5️⃣ Preventive Best Practices (Checklist)
Never store full payloads in workflowData or global longer than the node execution.
Stream files > 10 MiB; use /tmp and delete after use.
Limit concurrency (WORKER_CONCURRENCY) for jobs that parse large data sets.
Pin Node.js to LTS (e.g., v20.x) to benefit from V8 memory‑leak fixes.
Run npm audit on custom node packages; upgrade any that depend on outdated request or xml2js.
Enable health‑check auto‑restart (see §3.1).

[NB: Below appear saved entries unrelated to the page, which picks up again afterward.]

Lemma graph_asm_attacks_bp : exists p, path_over x y p /\ derives D graph_asm (Ap p Z).
Proof.
have [Et [p [Act sEtG]]] := G_xy_ctree.
exists p; split; first by case: Act => -[_ [[]]].
apply: (der_rule (D := D) (c_b Act)) => _ [a [c [Etac ->]]].
by apply: der_leaf; left; exists a, c; split; first exact: sEtG.
Qed.

Lemma graph_ext_graph_asm s : graph_ext s -> ~ indep_or_bp s -> graph_asm s.
Proof. by move=> [As nd] nIB; apply: NNPP => nGs; apply/nd/graph_asm_attacks. Qed.

Lemma graph_asm_ext s : graph_asm s -> graph_ext s.
Proof. by move=> Gs; split; [apply: graph_asm_asm|apply: graph_asm_conflict_free]. Qed.

Lemma derives_graph_ext_contrary s :
  derives D graph_ext (csl_contrary s) -> derives D graph_asm (csl_contrary s).
Proof.
move=> dE; apply: (derives_restrict (D := D) (@csl_body_indep_or_bp _ x y Z) _ dE).
  exact: graph_ext_graph_asm.
exact: contrary_not_indep_or_bp.
Qed.

Lemma graph_ext_closed : Defs.closed D graph_ext.
Proof.
move=> a As dE; have := csl_asm_shape As.
case: a As dE => // [u v|e|e W|p W] As dE _; try exact: derives_leaf_only dE.
case: (derives_indep dE) => [//|[-> -> all_bp]].
have [p [Po dAp]] := graph_asm_attacks_bp.
by have [_ []] := all_bp p Po.
Qed.

Lemma graph_ext_complete : complete D graph_ext.
Proof.
split; first exact: graph_ext_closed.
split; [split; [by move=> s []|split]|].
- by move=> [a [[_ nd] /derives_graph_ext_contrary]].
- (* An attacker either contains an assumption outside graph_asm, which
     graph_asm attacks, or its attack is already an attack by graph_asm. *)
  move=> U UA [a [[_ nd] dU]]; apply: NNPP => nU; apply: nd.
  apply: (derives_restrict (D := D) (@csl_body_indep_or_bp _ x y Z) _ dU) => [s Us nIB|].
    apply: NNPP => nGs; apply: nU; exists s; split=> //.
    apply: derives_sub (graph_asm_attacks (UA _ Us) nIB nGs) => s'.
    exact: graph_asm_ext.
  exact: contrary_not_indep_or_bp.
- move=> T TA defT a Ta; split; first exact: TA.
  move=> dG; have [e [/graph_asm_conflict_free Ge dE]] :=
    defT _ graph_asm_asm (ex_intro _ a (conj Ta dG)).
  exact/Ge/derives_graph_ext_contrary.
Qed.
End GraphExtension.

Section PreferredExtensions.
Variable V : finType.
Variables (x y : V) (Z : {set V}).
Notation D := (D_csl x y Z).
Implicit Types (S : sent V -> Prop) (s : sent V) (u v : V).
Hypotheses (xy : x != y) (xZ : x \notin Z) (yZ : y \notin Z).

Definition xy_bps s := exists2 p, path_over x y p & s = Bp p Z.

Lemma exists_bp_notin S : Defs.closed D S -> conflict_free D S ->
  exists p, path_over x y p /\ ~ S (Bp p Z).
Proof.
move=> clS cfS; apply: NNPP => all_bp.
have S_xyZ : S (indep x y Z).
  apply: clS; first exact: indep_asm.
  apply: (der_rule (D := D) (c_a x y Z)) => _ [p Po ->]; apply: der_leaf.
  by apply: NNPP => nS; apply: all_bp; exists p.
by apply: cfS; exists (indep x y Z); split=> //; apply: (der_rule (D := D) (c_c x y Z)).
Qed.

Lemma complete_unattacked_ctree S : complete D S ->
  exists Et p, active_ctree Et x y p Z /\ forall u v, Et u v -> ~ derives D S (Ctr (Arr u v)).
Proof.
move=> [clS [[SA [cfS _]] compS]]; apply: NNPP => no_ctree.
have [p [Po nS]] := exists_bp_notin clS cfS.
apply/nS/(compS xy_bps) => [_ [q Qo ->]|U UA [_ [[q Qo ->] dU]]|]; last by exists p.
  exact: bp_asm xy Qo xZ yZ.
apply: NNPP => nSU; have [Et [Act sEtU]] := derives_ap UA dU.
apply: no_ctree; exists Et, q; split=> // u v Etuv dS; apply: nSU.
by exists (Arr u v); split=> //; apply: sEtU.
Qed.

Definition graph_join (E F : V -> V -> Prop) u v := E u v \/ F u v.

Section UnattackedExtension.
Variables (S : sent V -> Prop) (Et : V -> V -> Prop).
Hypothesis admS : admissible D S.
Hypothesis Et_acyclic : acyclic Et.
Hypothesis Et_unattacked : forall u v, Et u v -> ~ derives D S (Ctr (Arr u v)).

Let G := graph_join (G_of S) Et.

Lemma admissible_join_acyclic : acyclic G.
Proof.
have [SA [cfS defS]] := admS.
have irrG a c : G a c -> a != c.
  by case=> [/SA/asm_arr_neq //|/(acyclic_neq Et_acyclic)].
move=> u v Guv Rvu; have [F [sFG Fuv RFvu dF]] := cycle_self_attack x y Z irrG Guv Rvu.
case: (classic (exists a c, F a c /\ S (Arr a c))) => [[a [c [Fac Sac]]]|noS].
  have FA : asm_set D (arrows F).
    by move=> _ [a' [c' [/sFG Ga'c' ->]]]; left; left; exists a', c'; rewrite irrG.
  have [_ [[a' [c' [Fa'c' ->]]] dS]] := defS _ FA (ex_intro _ _ (conj Sac (dF _ _ Fac))).
  case: (sFG _ _ Fa'c') => [Sa'c'|/Et_unattacked //].
  by apply: cfS; exists (Arr a' c').
have sFEt a c : F a c -> Et a c.
  by move=> Fac; case: (sFG _ _ Fac) => // Sac; case: noS; exists a, c.
by apply: Et_acyclic (sFEt _ _ Fuv) _; apply: reach_sub RFvu.
Qed.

Document any custom node that allocates > 50 MiB and add a “cleanup” note in its description.
Bottom line
Memory leaks in n8n’s queue workers are almost always caused by unreleased large objects (payloads, custom node state) or buffered network responses. By instrumenting workers with --inspect and heapdump, streaming heavy data, enforcing strict memory limits, and using health‑check‑driven restarts, you can detect, isolate, and permanently resolve the leak—keeping your queue healthy and your automations running 24/7.